Filings related to the credit crisis were sharply lower for the year, with 13 such filings in 2010, a 76.4 percent decrease from the 55 filings in 2009. Credit-crisis filings in 2010 represented just 7.4 percent of all filings compared with 32.7 percent in 2009. New analysis shows that settlement rates are lower for credit-crisis filings compared with non-credit-crisis filings, while the dismissal rates are similar between the two types. The difference in settlement rates appears to be driven by filings in the Second Circuit.

Filings against financial companies also continued to decrease. The Heat Maps of S&P 500 Securities Litigation™ show that 10.3 percent of S&P 500 companies in the Financials sector were named defendants in a class action in 2010 compared with the 10-year historical average of 11.8 percent. Filings in the Health Care sector spiked after a lull in 2009 and made Health Care the hottest sector on the Heat Maps for the year.

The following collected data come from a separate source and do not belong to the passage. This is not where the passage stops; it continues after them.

(* Let $n,v\ge1$, $\mathcal{R}=\mathbb{F}_q[x_1,\dots,x_v]/\langle x_1^{i_1}\cdots x_v^{i_v}\mid i_1+\dots+i_v=n\rangle$, and let $I$ be an ideal of $\mathcal{R}$. Then the number of additive characters $\psi$ on $\mathcal{R}$ such that $I$ is the ideal maximally contained in $\ker(\psi)$ (i.e. $I$ is contained in $\ker\psi$ and contains every ideal of $\mathcal{R}$ contained in $\ker\psi$) is \[ \frac{|\mathcal{R}|}{|I|}\cdot\begin{cases}1 & \dim(\operatorname{Soc}(\mathcal{R}/I))=0,\\ 1-\frac1q & \dim(\operatorname{Soc}(\mathcal{R}/I))=1,\\ 0 & \text{otherwise.}\end{cases} \]
   Context: The socle $\operatorname{Soc}(\mathcal{R}/I)$ is the $\mathbb{F}_q$-subspace $\{f\in\mathcal{R}/I\mid x_1f=0,\dots,x_vf=0\}$ of $\mathcal{R}/I$, and $\dim$ denotes dimension over $\mathbb{F}_q$. An additive character is a homomorphism from $(\mathcal{R},+)$ to the complex unit circle. *)

From HB Require Import structures.
From mathcomp Require Import all_boot all_order all_algebra all_field.
Set Implicit Arguments. Unset Strict Implicit. Unset Printing Implicit Defensive.
Import Order.TTheory GRing.Theory Num.Theory.
Local Open Scope ring_scope.

Section TruncPoly.
Variables (F : finFieldType) (v n : nat).
(* Let $E$ be a nonzero real Banach space and $f\colon E\to\,]{-}\infty,\infty]$ be proper, convex and lower semicontinuous. Then $(\partial f)^{\mathbb F}=\partial(f^* )$, i.e. for all $(y^*,y^{**})\in E^*\times E^{**}$, $(y^*,y^{**})\in G((\partial f)^{\mathbb F})$ if and only if $f^*(y^* )+f^{**}(y^{**})=\langle y^*,y^{**}\rangle$.
   Context: $E^*$, $E^{**}$ are the dual and bidual, with pairings $\langle x,x^*\rangle$ and $\langle x^*,x^{**}\rangle$. $f^*(x^* )=\sup_{x\in E}[\langle x,x^*\rangle-f(x)]$, $f^{**}(x^{**})=\sup_{x^*\in E^*}[\langle x^*,x^{**}\rangle-f^*(x^* )]$; $x^*\in\partial f(x)$ iff $f(x)+f^*(x^* )=\langle x,x^*\rangle$. (The multifunction $\partial f$ is closed, monotone and quasidense, so its Fitzpatrick extension is defined.) For a multifunction $S\colon E\rightrightarrows E^*$ with nonempty graph $G(S)$: closed means $G(S)$ norm-closed; monotone means $\langle s-t,s^*-t^*\rangle\ge0$ on $G(S)$; quasidense means for every $(x,x^* )\in E\times E^*$, $\inf_{(s,s^* )\in G(S)}[\tfrac12\|s-x\|^2+\tfrac12\|s^*-x^*\|^2+\langle s-x,s^*-x^*\rangle]\le0$. Define $\varphi_S(x,x^* )=\sup_{(s,s^* )\in G(S)}[\langle s,x^*\rangle+\langle x,s^*\rangle-\langle s,s^*\rangle]$ on $E\times E^*$; identify $(E\times E^* )^*$ with $E^*\times E^{**}$ via $\langle (x,x^* ),(y^*,y^{**})\rangle=\langle x,y^*\rangle+\langle x^*,y^{**}\rangle$, and let $\varphi_S^*$ be the conjugate on $E^*\times E^{**}$. For $S$ closed, monotone and quasidense, one has $\varphi_S^*(y^*,y^{**})\ge\langle y^*,y^{**}\rangle$ everywhere, and the Fitzpatrick extension $S^{\mathbb F}\colon E^*\rightrightarrows E^{**}$ is defined by $(y^*,y^{**})\in G(S^{\mathbb F})$ iff $\varphi_S^*(y^*,y^{**})=\langle y^*,y^{**}\rangle$. *)

From mathcomp Require Import all_boot all_order all_algebra.
From mathcomp Require Import all_classical all_reals all_analysis.
Set Implicit Arguments. Unset Strict Implicit. Unset Printing Implicit Defensive.
Import Order.TTheory GRing.Theory Num.Theory.
Import numFieldNormedType.Exports.
Local Open Scope classical_set_scope.
Local Open Scope ring_scope.
(* Let $\Omega\subset\mathbb{R}^d$ be open and $H:\overline\Omega\times\mathbb{R}^d\to\mathbb{R}$ be such that for a.e. $x\in\Omega$, $H(x,\cdot)\in C^1(\mathbb{R}^d)$ and $H(x,\cdot)$ is convex, and suppose there is $C>1$ with $|D_pH(x,p)|\le C|p|^{\alpha-1}+C$ and $H(x,0)\le C$ for a.e. $x\in\Omega$ and all $p\in\mathbb{R}^d$, where $\alpha>1$. Consider the conditions, each required for a.e. $x\in\Omega$ and all $p\in\mathbb{R}^d$ with some constant $C>1$: (a) $H(x,p)\ge C^{-1}|p|^\alpha-C$; (b) $D_pH(x,p)\cdot p\ge C^{-1}|p|^\alpha-C$ and $H(x,p)\ge-C$; (c) $-H(x,p)+D_pH(x,p)\cdot p\ge C^{-1}|p|^\alpha-C$ and $H(x,p)\ge-C$. Then (a), (b), (c) are equivalent (with the constant $C$ possibly changing). *)

From HB Require Import structures.
From mathcomp Require Import all_boot all_order all_algebra.
From mathcomp Require Import all_classical all_reals all_analysis.
Set Implicit Arguments. Unset Strict Implicit. Unset Printing Implicit Defensive.
Import Order.TTheory GRing.Theory Num.Theory.
Import numFieldNormedType.Exports.
Local Open Scope classical_set_scope.
Local Open Scope ring_scope.

Section Defs.
Variables (R : realType) (d : nat).

Definition vdot (p q : 'rV[R]_d) : R := \sum_(i < d) p ord0 i * q ord0 i.
Definition enorm (p : 'rV[R]_d) : R := Num.sqrt (vdot p p).

Definition box (a b : 'rV[R]_d) : set 'rV[R]_d :=
  [set x | forall i, a ord0 i <= x ord0 i <= b ord0 i].
Definition box_vol (a b : 'rV[R]_d) : R :=
  \prod_(i < d) Num.max 0 (b ord0 i - a ord0 i).

Definition lebesgue_null (N : set 'rV[R]_d) : Prop :=
  forall eps : R, 0 < eps -> exists a b : nat -> 'rV[R]_d,
    N `<=` \bigcup_k box (a k) (b k) /\
    forall n, \sum_(k < n) box_vol (a k) (b k) <= eps.

Definition ae_in (Omega : set 'rV[R]_d) (P : 'rV[R]_d -> Prop) : Prop :=
  exists N, lebesgue_null N /\ forall x, Omega x -> ~ N x -> P x.

Definition convex_fun (f : 'rV[R]_d -> R) : Prop :=
  forall (p q : 'rV[R]_d) (t : R), 0 <= t <= 1 ->
    f ((1 - t) *: p + t *: q) <= (1 - t) * f p + t * f q.

Definition C1_with_gradient (f : 'rV[R]_d -> R) (g : 'rV[R]_d -> 'rV[R]_d) : Prop :=
  (forall p, differentiable f p /\ forall h, 'd f p h = vdot (g p) h) /\
  continuous g.

Definition cond_a (Omega : set 'rV[R]_d) (H : 'rV[R]_d -> 'rV[R]_d -> R)
    (alpha C : R) : Prop :=
  ae_in Omega (fun x => forall p, H x p >= C^-1 * enorm p `^ alpha - C).

Definition cond_b (Omega : set 'rV[R]_d) (H : 'rV[R]_d -> 'rV[R]_d -> R)
    (DH : 'rV[R]_d -> 'rV[R]_d -> 'rV[R]_d) (alpha C : R) : Prop :=
  ae_in Omega (fun x => forall p,
    vdot (DH x p) p >= C^-1 * enorm p `^ alpha - C /\ H x p >= - C).

Definition cond_c (Omega : set 'rV[R]_d) (H : 'rV[R]_d -> 'rV[R]_d -> R)
    (DH : 'rV[R]_d -> 'rV[R]_d -> 'rV[R]_d) (alpha C : R) : Prop :=
  ae_in Omega (fun x => forall p,
    - H x p + vdot (DH x p) p >= C^-1 * enorm p `^ alpha - C /\ H x p >= - C).

End Defs.

(* The subgradient inequality [H(q) >= H(p) + DH(p).(q - p)] of the convex
   C^1 function [H(x,.)], used along the ray through [p], gives everything.
   With [q = 0] it reads [DH(p).p >= H(p) - H(0)], so (a) implies (b); from
   [p/2] to [p] it reads [H(p) >= H(p/2) + DH(p/2).p/2], so (b) implies (a).
   From [p] to [mu p] it gives [-H(p) + DH(p).p >= mu DH(p).p - H(mu p)], while
   the growth bound on [DH] and [H(0) <= C] give
   [H(mu p) <= C' + 2 C mu^alpha |p|^alpha]; for [mu] small this is absorbed
   by half of [mu DH(p).p], so (b) implies (c). Finally (c) implies (b) because
   [H >= -C]. *)

From HB Require Import structures.
From mathcomp Require Import all_boot all_order all_algebra.
From mathcomp Require Import all_classical all_reals all_analysis.
From mathcomp Require Import ring lra.
Set Implicit Arguments. Unset Strict Implicit. Unset Printing Implicit Defensive.
Import Order.TTheory GRing.Theory Num.Theory.
Import numFieldNormedType.Exports.
Local Open Scope classical_set_scope.
Local Open Scope ring_scope.

Section Euclidean.
Variables (R : realType) (d : nat).
Implicit Types (a b : 'rV[R]_d).

Lemma vdotC a b : vdot a b = vdot b a.
Proof. by apply: eq_bigr => i _; rewrite mulrC. Qed.

Lemma vdotZr a b (k : R) : vdot a (k *: b) = k * vdot a b.
Proof. by rewrite /vdot mulr_sumr; apply: eq_bigr => i _; rewrite mxE mulrCA. Qed.

Lemma vdot_self_ge0 a : 0 <= vdot a a.
Proof. by apply: sumr_ge0 => i _; rewrite -expr2 sqr_ge0. Qed.

Lemma vdot_self_eq0 a b : vdot a a = 0 -> vdot a b = 0.
Proof.
move=> /eqP; rewrite psumr_eq0 => [/allP a0|i _]; last by rewrite -expr2 sqr_ge0.
apply: big1 => i _; move: (a0 i (mem_index_enum i)).
by rewrite mulf_eq0 orbb => /eqP ->; rewrite mul0r.
Qed.

Lemma enorm_ge0 a : 0 <= enorm a.
Proof. exact: sqrtr_ge0. Qed.

Lemma sqr_enorm a : enorm a ^+ 2 = vdot a a.
Proof. exact/sqr_sqrtr/vdot_self_ge0. Qed.

Lemma enormZ a (k : R) : 0 <= k -> enorm (k *: a) = k * enorm a.
Proof.
move=> k0; rewrite /enorm vdotZr vdotC vdotZr mulrA sqrtrM ?mulr_ge0 //.
by rewrite -expr2 sqrtr_sqr ger0_norm.
Qed.

Lemma cauchy_schwarz a b : vdot a b <= enorm a * enorm b.
Proof.
have [a0|a_neq0] := eqVneq (enorm a) 0.
  by rewrite vdot_self_eq0 ?a0 ?mul0r // -sqr_enorm a0 expr0n.
have [b0|b_neq0] := eqVneq (enorm b) 0.
  by rewrite vdotC vdot_self_eq0 ?b0 ?mulr0 // -sqr_enorm b0 expr0n.
set sa := enorm a; set sb := enorm b.
have sab_gt0 : 0 < 2 * (sa * sb) by rewrite !mulr_gt0 // lt0r ?a_neq0 ?b_neq0 enorm_ge0.
(* termwise AM-GM: [2 x y sa sb <= x^2 sb^2 + y^2 sa^2] *)
have : vdot a b * (2 * (sa * sb)) <= vdot a a * sb ^+ 2 + vdot b b * sa ^+ 2.
  rewrite /vdot !mulr_suml -big_split /=; apply: ler_sum => i _.
  have := sqr_ge0 (a ord0 i * sb - b ord0 i * sa); nra.
rewrite -!sqr_enorm -/sa -/sb => termwise.
rewrite -(ler_pM2r sab_gt0); apply: (le_trans termwise).
by have -> : sa * sb * (2 * (sa * sb)) = sa ^+ 2 * sb ^+ 2 + sb ^+ 2 * sa ^+ 2 by ring.
Qed.

End Euclidean.

Section AlmostEverywhere.
Variables (R : realType) (d : nat) (Omega : set 'rV[R]_d).

Lemma box_vol_ge0 (a b : 'rV[R]_d) : 0 <= box_vol a b.
Proof. by apply: prodr_ge0 => i _; rewrite le_max lexx. Qed.

(* interleave the two covers: even boxes cover N1, odd boxes cover N2 *)
Lemma lebesgue_nullU (N1 N2 : set 'rV[R]_d) :
  lebesgue_null N1 -> lebesgue_null N2 -> lebesgue_null (N1 `|` N2).
Proof.
move=> null1 null2 e e_gt0.
have [a1 [b1 [cover1 vol1]]] := null1 _ (divr_gt0 e_gt0 (ltr0n _ 2)).
have [a2 [b2 [cover2 vol2]]] := null2 _ (divr_gt0 e_gt0 (ltr0n _ 2)).
pose a k := if odd k then a2 k./2 else a1 k./2.
pose b k := if odd k then b2 k./2 else b1 k./2.
exists a, b; split.
  move=> x [/cover1 [k _ xk]|/cover2 [k _ xk]].
    by exists k.*2 => //; rewrite /a /b odd_double doubleK.
  by exists k.*2.+1 => //; rewrite /a /b /= odd_double /= uphalf_double.
have vol_double m : \sum_(k < m.*2) box_vol (a k) (b k) =
    \sum_(k < m) box_vol (a1 k) (b1 k) + \sum_(k < m) box_vol (a2 k) (b2 k).
  elim: m => [|m IH]; first by rewrite !big_ord0 addr0.
  rewrite doubleS !big_ord_recr /= IH /a /b /= odd_double /= doubleK uphalf_double.
  by rewrite addrACA -!addrA.
move=> n; have vol_mono := @nondecreasing_series R (fun k => box_vol (a k) (b k)) predT 0.
have n_le_2n : (n <= n.*2)%N by rewrite -addnn leq_addr.
have := vol_mono (fun k _ _ => box_vol_ge0 _ _) n n.*2 n_le_2n.
rewrite /= !big_mkord vol_double.
have := vol1 n; have := vol2 n; lra.
Qed.

Lemma ae_inI (P Q : 'rV[R]_d -> Prop) :
  ae_in Omega P -> ae_in Omega Q -> ae_in Omega (fun x => P x /\ Q x).
Proof.
move=> [N1 [null1 P_N1]] [N2 [null2 Q_N2]]; exists (N1 `|` N2).
split; first exact: lebesgue_nullU.
by move=> x Ox notN; split; [apply: P_N1 | apply: Q_N2] => // ?; apply: notN; [left|right].
Qed.

Lemma ae_in_mono (P Q : 'rV[R]_d -> Prop) :
  (forall x, P x -> Q x) -> ae_in Omega P -> ae_in Omega Q.
Proof. by move=> PQ [N [nullN P_N]]; exists N; split=> // x Ox notN; apply/PQ/P_N. Qed.

End AlmostEverywhere.

Section Subgradient.
Variables (R : realType) (d : nat).
Implicit Types (f h : 'rV[R]_d -> R) (g : 'rV[R]_d -> 'rV[R]_d) (p q : 'rV[R]_d).

(* the difference quotients of a convex function along [q - p] on (0, 1] are
   bounded by [f q - f p], hence so is their limit, the directional derivative *)
Lemma convex_tangent_le f p q :
  convex_fun f -> differentiable f p -> f p + 'd f p (q - p) <= f q.
Proof.
move=> f_cvx f_diff.
have := cvg_dnbhs_at_right (@diff_derivable _ _ _ _ _ (q - p) f_diff).
rewrite -/(derive f p (q - p)) deriveE // => quotient_cvg.
rewrite addrC -lerBrDr.
apply: (cvgr_to_le quotient_cvg); near=> t.
have t_gt0 : 0 < t by near: t; exact: nbhs_right_gt.
have t_le1 : t <= 1 by near: t; exact: nbhs_right_le.
rewrite /= /shift /=.
have -> : t *: (q - p) + p = (1 - t) *: p + t *: q.
  by rewrite scalerBr scalerBl scale1r addrC addrA [RHS]addrAC.
have := f_cvx p q t; rewrite t_le1 ltW //= => /(_ isT) f_chord.
rewrite -[leRHS](mulKf (lt0r_neq0 t_gt0)) ler_pM2l ?invr_gt0 //; lra.
Unshelve. all: by end_near.
Qed.

Definition is_subgradient h g := forall p q, h p + vdot (g p) (q - p) <= h q.

Lemma C1_convex_subgradient h g :
  C1_with_gradient h g -> convex_fun h -> is_subgradient h g.
Proof.
move=> [h_diff _] h_cvx p q; have [hp_diff dh_p] := h_diff p.
by rewrite -dh_p; exact: convex_tangent_le.
Qed.

Lemma subgradient_ray h g p (s t : R) : is_subgradient h g ->
  h (s *: p) + (t - s) * vdot (g (s *: p)) p <= h (t *: p).
Proof. by move=> /(_ (s *: p) (t *: p)); rewrite -scalerBl vdotZr. Qed.

End Subgradient.

Lemma le_1D_powR (R : realType) (x a : R) : 0 <= x -> 1 <= a -> x <= 1 + x `^ a.
Proof.
move=> x_ge0 a_ge1; have := powR_ge0 x a.
have [x_le1|x_gt1] := lerP x 1; first lra.
by have := le1r_powR (ltW x_gt1) a_ge1; lra.
Qed.

Lemma merge_constants (R : realType) (c B : R) : 0 < c ->
  exists2 K : R, 1 < K & K^-1 <= c /\ B <= K.
Proof.
move=> c_gt0; have cV_gt0 : 0 < c^-1 by rewrite invr_gt0.
have B_le := ler_norm B; have normB_ge0 := normr_ge0 B.
exists (c^-1 + `|B| + 1); first lra.
split; last lra.
by rewrite -[leRHS]invrK lef_pV2 ?posrE //; lra.
Qed.

Section Coercive.
Variables (R : realType) (d : nat) (alpha : R).

Definition coercive (c B : R) (f : 'rV[R]_d -> R) :=
  forall p, c * enorm p `^ alpha - B <= f p.

Lemma coerciveW (c c' B B' : R) f : c' <= c -> B <= B' ->
  coercive c B f -> coercive c' B' f.
Proof.
move=> c'_le_c B_le_B' f_lb p; have := f_lb p.
have := ler_wpM2r (powR_ge0 (enorm p) alpha) c'_le_c; lra.
Qed.

Lemma coercive_geN (c B : R) f : 0 <= c -> coercive c B f -> forall p, - B <= f p.
Proof.
move=> c_ge0 f_lb p; have := f_lb p.
have := mulr_ge0 c_ge0 (powR_ge0 (enorm p) alpha); lra.
Qed.

End Coercive.

Section SubgradientCoercive.
Variables (R : realType) (d : nat) (alpha : R).
Variables (h : 'rV[R]_d -> R) (g : 'rV[R]_d -> 'rV[R]_d).
Hypothesis h_subgrad : is_subgradient h g.
Let dot p := vdot (g p) p.

Lemma coercive_dot (c B : R) :
  coercive alpha c B h -> coercive alpha c (B + h 0) dot.
Proof.
move=> h_lb p; have := subgradient_ray p 1 0 h_subgrad.
rewrite scale1r scale0r sub0r mulN1r; have := h_lb p; rewrite /dot; lra.
Qed.

Lemma coercive_of_dot (c B : R) : coercive alpha c B dot -> (forall p, - B <= h p) ->
  coercive alpha (c * 2^-1 `^ alpha) (B + B) h.
Proof.
move=> dot_lb h_geN p; have := subgradient_ray p 2^-1 1 h_subgrad.
have := dot_lb (2^-1 *: p); have := h_geN (2^-1 *: p).
rewrite scale1r /dot vdotZr enormZ ?powRM ?invr_ge0 ?enorm_ge0 //; lra.
Qed.

Section Growth.
Variable C0 : R.
Hypothesis alpha_gt1 : 1 < alpha.
Hypothesis C0_ge0 : 0 <= C0.
Hypothesis g_growth : forall p, enorm (g p) <= C0 * enorm p `^ (alpha - 1) + C0.
Let alpha_gt0 : 0 < alpha := lt_trans ltr01 alpha_gt1.

Lemma subgradient_growth_ub q : h q <= h 0 + C0 + 2 * C0 * enorm q `^ alpha.
Proof.
have := subgradient_ray q 1 0 h_subgrad; rewrite scale1r scale0r sub0r mulN1r.
have := cauchy_schwarz (g q) q.
have : enorm (g q) * enorm q <= C0 * enorm q `^ alpha + C0 * enorm q.
  rewrite -(mulr_powRB1 (enorm_ge0 q) alpha_gt0).
  by have := ler_wpM2r (enorm_ge0 q) (g_growth q); rewrite mulrDl -mulrA (mulrC (_ `^ _)).
have := ler_wpM2l C0_ge0 (le_1D_powR (enorm_ge0 q) (ltW alpha_gt1)).
lra.
Qed.

(* for such [mu], the bound [2 C0 mu^alpha |p|^alpha] on the growth of
   [h (mu p)] costs at most half of [mu * dot p] *)
Lemma coercive_conj (c B mu : R) : 0 < mu -> 4 * C0 * mu `^ (alpha - 1) <= c ->
  coercive alpha c B dot ->
  coercive alpha (mu * c / 2) (mu * B + h 0 + C0) (fun p => - h p + dot p).
Proof.
move=> mu_gt0 mu_small dot_lb p.
have := subgradient_ray p 1 mu h_subgrad; rewrite scale1r.
have := subgradient_growth_ub (mu *: p).
rewrite (enormZ _ (ltW mu_gt0)) (powRM _ (ltW mu_gt0) (enorm_ge0 p)).
rewrite -[mu `^ alpha](mulr_powRB1 (ltW mu_gt0) alpha_gt0).
set X := enorm p `^ alpha; have X_ge0 : 0 <= X := powR_ge0 _ _.
have := ler_wpM2l (mulr_ge0 (ltW mu_gt0) X_ge0) mu_small.
have := ler_wpM2l (ltW mu_gt0) (dot_lb p).
rewrite /dot -/X; nra.
Qed.

End Growth.
End SubgradientCoercive.

Section Equivalence.
Variables (R : realType) (d : nat) (Omega : set 'rV[R]_d).
Variables (H : 'rV[R]_d -> 'rV[R]_d -> R) (DH : 'rV[R]_d -> 'rV[R]_d -> 'rV[R]_d).
Variables (alpha C0 C : R).
Hypothesis alpha_gt1 : 1 < alpha.
Hypothesis C0_gt0 : 0 < C0.
Hypothesis C_gt1 : 1 < C.
Hypothesis H_subgrad : ae_in Omega (fun x => is_subgradient (H x) (DH x)).
Hypothesis H_growth : ae_in Omega (fun x =>
  (forall p, enorm (DH x p) <= C0 * enorm p `^ (alpha - 1) + C0) /\ H x 0 <= C0).
Let CV_gt0 : 0 < C^-1. Proof. by rewrite invr_gt0 (lt_trans ltr01 C_gt1). Qed.

Lemma cond_a_cond_b : cond_a Omega H alpha C ->
  exists K, 1 < K /\ cond_b Omega H DH alpha K.
Proof.
move=> condA; have [K K_gt1 [KV_le KC_le]] := merge_constants (C + C0) CV_gt0.
exists K; split=> //; apply: ae_in_mono (ae_inI (ae_inI H_subgrad H_growth) condA).
move=> x [[Hx_subgrad [_ Hx0_le]] Hx_lb] p.
have B_le : C + H x 0 <= K by lra.
split; first exact: coerciveW KV_le B_le (coercive_dot Hx_subgrad Hx_lb) p.
by have := coercive_geN (ltW CV_gt0) Hx_lb p; have := C0_gt0; lra.
Qed.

In 2010 15.4 percent of the companies in the Health Care sector, representing 33.7 percent of the sector’s market capitalization, were named defendants in a class action.

The report also introduces a new analysis of the litigation exposure following initial public offerings (IPOs). This analysis shows that exposure to securities class actions is highest during the first few years after an IPO. The incremental litigation exposure decreases over time as companies mature and the volatility of their stock price decreases. Companies bore the highest risk in the second year after an IPO when they faced a 4.1 percent chance of being sued. A newly public company has a 28.7 percent chance of being subject to at least one securities class action in the 11 years after its IPO.

Dr. John Gould, Senior Vice President of Cornerstone Research, commented:

  • “This year we took a close look at how often firms that had initial public offerings were defendants in securities litigation. We found that there is more than a 10 percent chance that firms would be targeted within three years of an IPO, and firms face the highest risk of being sued in their second year of public trading.”
  • “With the wave of credit-crisis filings behind us, the industry focus for class action filings shifted to Health Care, where more than one out of every seven S&P 500 companies was involved in a class action.”